You can set the following inputs:

| Name | Default | Description |
| ------------------------------------------ | -------------- | ------------------------------------------------------------------------------- |
| `github-token` | `github.token` | GitHub token to get jobs and steps if needed |
| `github-token-rate-limit-metrics` | `github.token` | GitHub token for rate limit metrics |
| `datadog-api-key` | - | Datadog API key. If not set, this action does not send metrics actually |
| `datadog-site` | - | Datadog Server name such as `datadoghq.eu`, `ddog-gov.com`, `us3.datadoghq.com` |
| `datadog-tags` | - | Additional tags in the form of `key:value` in a multiline string |
| `metrics-patterns` | - | Filter the metrics by patterns in a multiline string |
| `send-pull-request-labels` | `false` | Send pull request labels as Datadog tags |
| `collect-job-metrics` | `false` | Collect job metrics |
| `collect-step-metrics` | `false` | Collect step metrics |
| `prefer-distribution-workflow-run-metrics` | `false` | If true, send the distribution metrics instead of gauge metrics |
| `prefer-distribution-job-metrics` | `false` | If true, send the distribution metrics instead of gauge metrics |
| `prefer-distribution-step-metrics` | `false` | If true, send the distribution metrics instead of gauge metrics |

### Filter metrics

If `metrics-patterns` is set, this action sends the metrics filtered by the glob patterns.
The glob specification is same as [the filters of workflow](https://docs.github.com/en/actions/writing-workflows/choosing-when-your-workflow-runs/triggering-a-workflow#using-filters).

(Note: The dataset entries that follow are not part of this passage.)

Definition ring_events (R : realType) (V : finType) (r : V -> V -> R)
  (W : V * V -> nat -> R) (t : R) : seq (R * (V * V)) :=
  flatten [seq [seq (ring_time (W e) k, e) | k <- iota 0 (nrings (W e) t)]
          | e <- enum [set: V * V] & edge_ok r e].

Definition sorted_ring_events (R : realType) (V : finType) (r : V -> V -> R)
  (W : V * V -> nat -> R) (t : R) : seq (R * (V * V)) :=
  sort (fun a b : R * (V * V) => a.1 <= b.1) (ring_events r W t).

Definition crw_step (R : realType) (V : finType) (z : V) (ev : R * (V * V)) : V :=
  if z == ev.2.1 then ev.2.2 else z.

Definition crw_path (R : realType) (V : finType) (r : V -> V -> R)
  (W : V * V -> nat -> R) (x : V) (t : R) : V :=
  foldl (@crw_step R V) x (sorted_ring_events r W t).

(* C(P1,P2) = inf {t >= 0 : P1 t = P2 t}  (in \bar R, inf of empty = +oo) *)
Definition coal_time (R : realType) (V : finType) (p1 p2 : R -> V) : \bar R :=
  ereal_inf (EFin @` [set s : R | 0 <= s /\ p1 s = p2 s]).

Definition occupied (R : realType) (V : finType) (r : V -> V -> R)
  (W : V * V -> nat -> R) (t : R) : {set V} :=
  [set crw_path r W x t | x : V].

Definition N_count (R : realType) (V : finType) (r : V -> V -> R)
  (W : V * V -> nat -> R) (io : V) (t : R) : nat :=
  #|[set i : V | (coal_time (crw_path r W i) (crw_path r W io) <= t%:E)%E]|.

Definition mutually_independent d (T : measurableType d) (R : realType)
  (P : probability T R) (I : choiceType) (S : set I) (X : I -> T -> R) :=
  forall (J : {fset I}) (B : I -> set R),
    [set` J] `<=` S -> (forall i, measurable (B i)) ->
    P (\bigcap_(i in [set` J]) (X i @^-1` B i)) =
    (\prod_(i <- J) P (X i @^-1` B i))%E.

Definition generated_events d (T : measurableType d) (R : realType)
  (I : Type) (S : set I) (X : I -> T -> R) : set (set T) :=
  <<s [set A | exists i B, S i /\ measurable B /\ A = X i @^-1` B] >>.

(* Fix t and let Phi map x to X_x(t).  Two walks have met by time t iff their
   positions agree at t: once together they move together, and no clock rings
   in a right neighbourhood of t.  So |xi_t| is the size of the image of Phi and
   N_t the size of the fibre of Phi through iota; summing the inverse size of
   the fibre through v over all v counts every fibre once, giving the size of
   the image.  Phi depends only on the ring counts up to t and on the relative
   order of finitely many ring times, so it is measurable for the clocks, and
   independence and uniformity of iota give
   E[1/N_t] = E[|V|^-1 sum_v 1/|fibre through v|] = E|xi_t| / |V|. *)

From HB Require Import structures.
From mathcomp Require Import all_boot all_order all_algebra finmap.
From mathcomp Require Import all_classical all_reals all_analysis.
From mathcomp Require Import measurable_realfun.
Set Implicit Arguments. Unset Strict Implicit. Unset Printing Implicit Defensive.
Import Order.TTheory GRing.Theory Num.Theory.
Local Open Scope classical_set_scope.
Local Open Scope ring_scope.
Local Notation filter := seq.filter.

Section MeasurableFibers.
Context d (T : measurableType d).

Definition measurable_fibers (X : countType) (f : T -> X) :=
  forall x, measurable (f @^-1` [set x]).

Lemma measurable_fibers_bind (X Y : countType) (c : T -> X) (F : X -> T -> Y) :
  measurable_fibers c -> (forall x, measurable_fibers (F x)) ->
  measurable_fibers (fun w => F (c w) w).
Proof.
move=> mc mF y.
pose A n : set T := if choice.unpickle n is Some x
  then c @^-1` [set x] `&` F x @^-1` [set y] else set0.
have -> : (fun w => F (c w) w) @^-1` [set y] = \bigcup_n A n.
  apply/seteqP; split=> w.
    by move=> Fy; exists (choice.pickle (c w)) => //; rewrite /A choice.pickleK.
  by case=> n _; rewrite /A; case: (choice.unpickle n) => [x [/= -> ->]|].
apply: bigcupT_measurable => n; rewrite /A; case: (choice.unpickle n) => [x|].
  by apply: measurableI; [exact: mc | exact: mF].
exact: measurable0.
Qed.

Lemma measurable_fibers_cst (X : countType) (x0 : X) :
  measurable_fibers (fun _ : T => x0).
Proof. by move=> x; rewrite preimage_cst; case: ifP. Qed.

Lemma measurable_fibers_comp (X Y : countType) (c : T -> X) (h : X -> Y) :
  measurable_fibers c -> measurable_fibers (h \o c).
Proof.
move=> mc; apply: (measurable_fibers_bind (F := fun x _ => h x)) => // x.
exact: measurable_fibers_cst.
Qed.

Lemma measurable_fibers_ffun (K : finType) (X : countType) (f : K -> T -> X) :
  (forall k, measurable_fibers (f k)) ->
  measurable_fibers (fun w => [ffun k => f k w]).
Proof.
move=> mf g.
have -> : (fun w => [ffun k => f k w]) @^-1` [set g] =
    \bigcap_(k in [set: K]) (f k @^-1` [set g k]).
  apply/seteqP; split=> w /=; first by move=> <- k _; rewrite /= ffunE.
  by move=> fg; apply/ffunP => k; rewrite ffunE; apply: fg.
by apply: fin_bigcap_measurable => // k _; exact: mf.
Qed.

Lemma measurable_fibers_bool (f : T -> bool) :
  measurable_fun setT f -> measurable_fibers f.
Proof. by move=> mf b; rewrite -[_ @^-1` _]setTI; exact: mf. Qed.

Lemma measurable_fibers_nat (f : T -> nat) :
  (forall m, measurable [set w | (m < f w)%N]) -> measurable_fibers f.
Proof.
move=> mf [|m].
  have -> : f @^-1` [set 0%N] = ~` [set w | (0 < f w)%N].
    by apply/seteqP; split=> w /= => [->|/negP]; rewrite // lt0n negbK => /eqP.
  exact: measurableC.
have -> : f @^-1` [set m.+1] = [set w | (m < f w)%N] `\` [set w | (m.+1 < f w)%N].
  apply/seteqP; split=> w /=; first by move=> ->; rewrite ltnn.
  by case=> lt_m /negP; rewrite -leqNgt => le_f; apply/eqP; rewrite eqn_leq le_f.
exact: measurableD.
Qed.

(* The sorted list depends on w only through the finite comparison table M w. *)
Lemma measurable_fibers_sort (X : countType) (s : seq X) (le : T -> rel X) :
  (forall a b, a \in s -> b \in s -> measurable_fun setT (fun w => le w a b)) ->
  measurable_fibers (fun w => sort (le w) s).
Proof.
move=> mle; pose h (i : 'I_(size s)) := tnth (in_tuple s) i.
pose M w : {ffun 'I_(size s) * 'I_(size s) -> bool} :=
  [ffun ij => le w (h ij.1) (h ij.2)].
have mM : measurable_fibers M.
  apply: measurable_fibers_ffun => ij; apply: measurable_fibers_bool.
  by apply: mle; exact: mem_tnth.
have sortE w : sort (le w) s =
    map h (sort (fun i j => M w (i, j)) (enum 'I_(size s))).
  have -> : sort (le w) s = sort (le w) (map h (enum 'I_(size s))).
    by rewrite map_tnth_enum.
  rewrite sort_map.
  by congr (map h (sort _ _)); apply: funext => i; apply: funext => j; rewrite ffunE.
rewrite (funext sortE).
exact: (measurable_fibers_comp (fun m : {ffun _ -> bool} =>
  map h (sort (fun i j => m (i, j)) (enum 'I_(size s)))) mM).
Qed.

End MeasurableFibers.

Section Clock.
Context (R : realType) (w : nat -> R).
Hypothesis w_gt0 : forall k, 0 < w k.
Hypothesis ring_time_unbounded : forall M : R, exists k, M < ring_time w k.

Lemma ring_time_ltS k : ring_time w k < ring_time w k.+1.
Proof. by rewrite /ring_time [X in _ < X]big_ord_recr /= ltrDl. Qed.

Lemma ring_time_le : {homo ring_time w : k l / (k <= l)%N >-> k <= l}.
Proof.
by apply: homo_leq => [//|? ? ?|k]; [exact: le_trans | exact/ltW/ring_time_ltS].
Qed.

Lemma ring_time_le_nrings t k : (ring_time w k <= t) = (k < nrings w t)%N.
Proof.
have [m [t_lt_m m_min]] : exists m, t < ring_time w m /\
    forall k, t < ring_time w k -> (m <= k)%N.
  have ex_gt := ring_time_unbounded t.
  by exists (ex_minn ex_gt); case: ex_minnP.
have le_tE j : (ring_time w j <= t) = (j < m)%N.
  apply/idP/idP => [le_t|lt_jm]; last first.
    by rewrite leNgt; apply/negP => /m_min; rewrite leqNgt lt_jm.
  rewrite ltnNge; apply/negP => /ring_time_le le_mj.
  by move: (lt_le_trans t_lt_m le_mj); rewrite ltNge le_t.
have I_mE : [set k | ring_time w k <= t] = `I_m.
  by apply/seteqP; split=> j /=; rewrite le_tE.
by rewrite /nrings I_mE (@card_fset_set _ _ m).
Qed.

Lemma nrings_le : {homo nrings w : s t / s <= t >-> (s <= t)%N}.
Proof.
move=> s t le_st; case E: (nrings w s) => [//|n].
by rewrite -ring_time_le_nrings (le_trans _ le_st) // ring_time_le_nrings E.
Qed.

Lemma lt_ring_time_nrings t : t < ring_time w (nrings w t).
Proof. by rewrite ltNge ring_time_le_nrings ltnn. Qed.

Lemma nrings_right_stable t s :
  t <= s -> s < ring_time w (nrings w t) -> nrings w s = nrings w t.
Proof.
move=> le_ts lt_s; apply/eqP; rewrite eqn_leq (nrings_le le_ts) andbT.
by rewrite leqNgt -ring_time_le_nrings -ltNge.
Qed.

End Clock.

Lemma sorted_filter_cat (T : eqType) (e : rel T) (p : pred T) (s : seq T) :
  transitive e -> (forall x y, e x y -> p y -> p x) -> sorted e s ->
  s = filter p s ++ filter (predC p) s.
Proof.
move=> e_trans p_down; rewrite sorted_pairwise //.
elim: s => //= x s IH /andP[all_ex pw_s]; case: ifP => px /=.
  by rewrite -IH.
have not_p y : y \in s -> ~~ p y.
  by move=> ys; apply: contraFN px; apply: p_down; exact: (allP all_ex).
rewrite (eq_in_filter (a2 := pred0)) ?filter_pred0; last by move=> y /not_p/negbTE.
by rewrite (eq_in_filter (a2 := predT)) ?filter_predT // => y /not_p.
Qed.

Section Paths.
Context (R : realType) (V : finType) (r : V -> V -> R) (Wc : V * V -> nat -> R).
Hypothesis Wc_gt0 : forall e, edge_ok r e -> forall k, 0 < Wc e k.
Hypothesis ring_time_unbounded :
  forall e, edge_ok r e -> forall M : R, exists k, M < ring_time (Wc e) k.

Lemma ring_events_le s t : s <= t ->
  ring_events r Wc s = filter (fun ev => ev.1 <= s) (ring_events r Wc t).
Proof.
move=> le_st; rewrite /ring_events filter_flatten -map_comp; congr flatten.
apply/eq_in_map => e; rewrite mem_filter => /andP[edge_e _] /=.
have [w_gt0 w_unb] := (Wc_gt0 edge_e, ring_time_unbounded edge_e).
rewrite filter_map; congr map.
rewrite -(subnKC (nrings_le w_gt0 w_unb le_st)) iotaD filter_cat add0n.
have ltE k : (ring_time (Wc e) k <= s) = (k < nrings (Wc e) s)%N.
  exact: ring_time_le_nrings.
rewrite (eq_in_filter (a2 := predT)) => [|k]; last first.
  by rewrite mem_iota /= ltE add0n.
rewrite filter_predT (eq_in_filter (a2 := pred0)) => [|k]; last first.
  by rewrite mem_iota /= ltE => /andP[/leq_gtF].
by rewrite filter_pred0 cats0.
Qed.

To include the specific metrics,

```yaml
steps:
- uses: int128/datadog-actions-metrics@v1
with:
metrics-patterns: |
github.actions.workflow_run.*
github.actions.job.*
```

To exclude the specific metrics,

```yaml
steps:
- uses: int128/datadog-actions-metrics@v1
with:
metrics-patterns: |
*
!github.actions.*.conclusion.*
```

If both include and exclude patterns are given, the later pattern has higher precedence.

### Proxy

To connect to Datadog API via a HTTPS proxy, set `https_proxy` environment variable.
For example,

```yaml
steps:
- uses: int128/datadog-actions-metrics@v1
with:
datadog-api-key: ${{ secrets.DATADOG_API_KEY }}
env:
https_proxy: http://proxy.example.com:8080
```

## Contribution

This is an open source software.
Feel free to open issues and pull requests.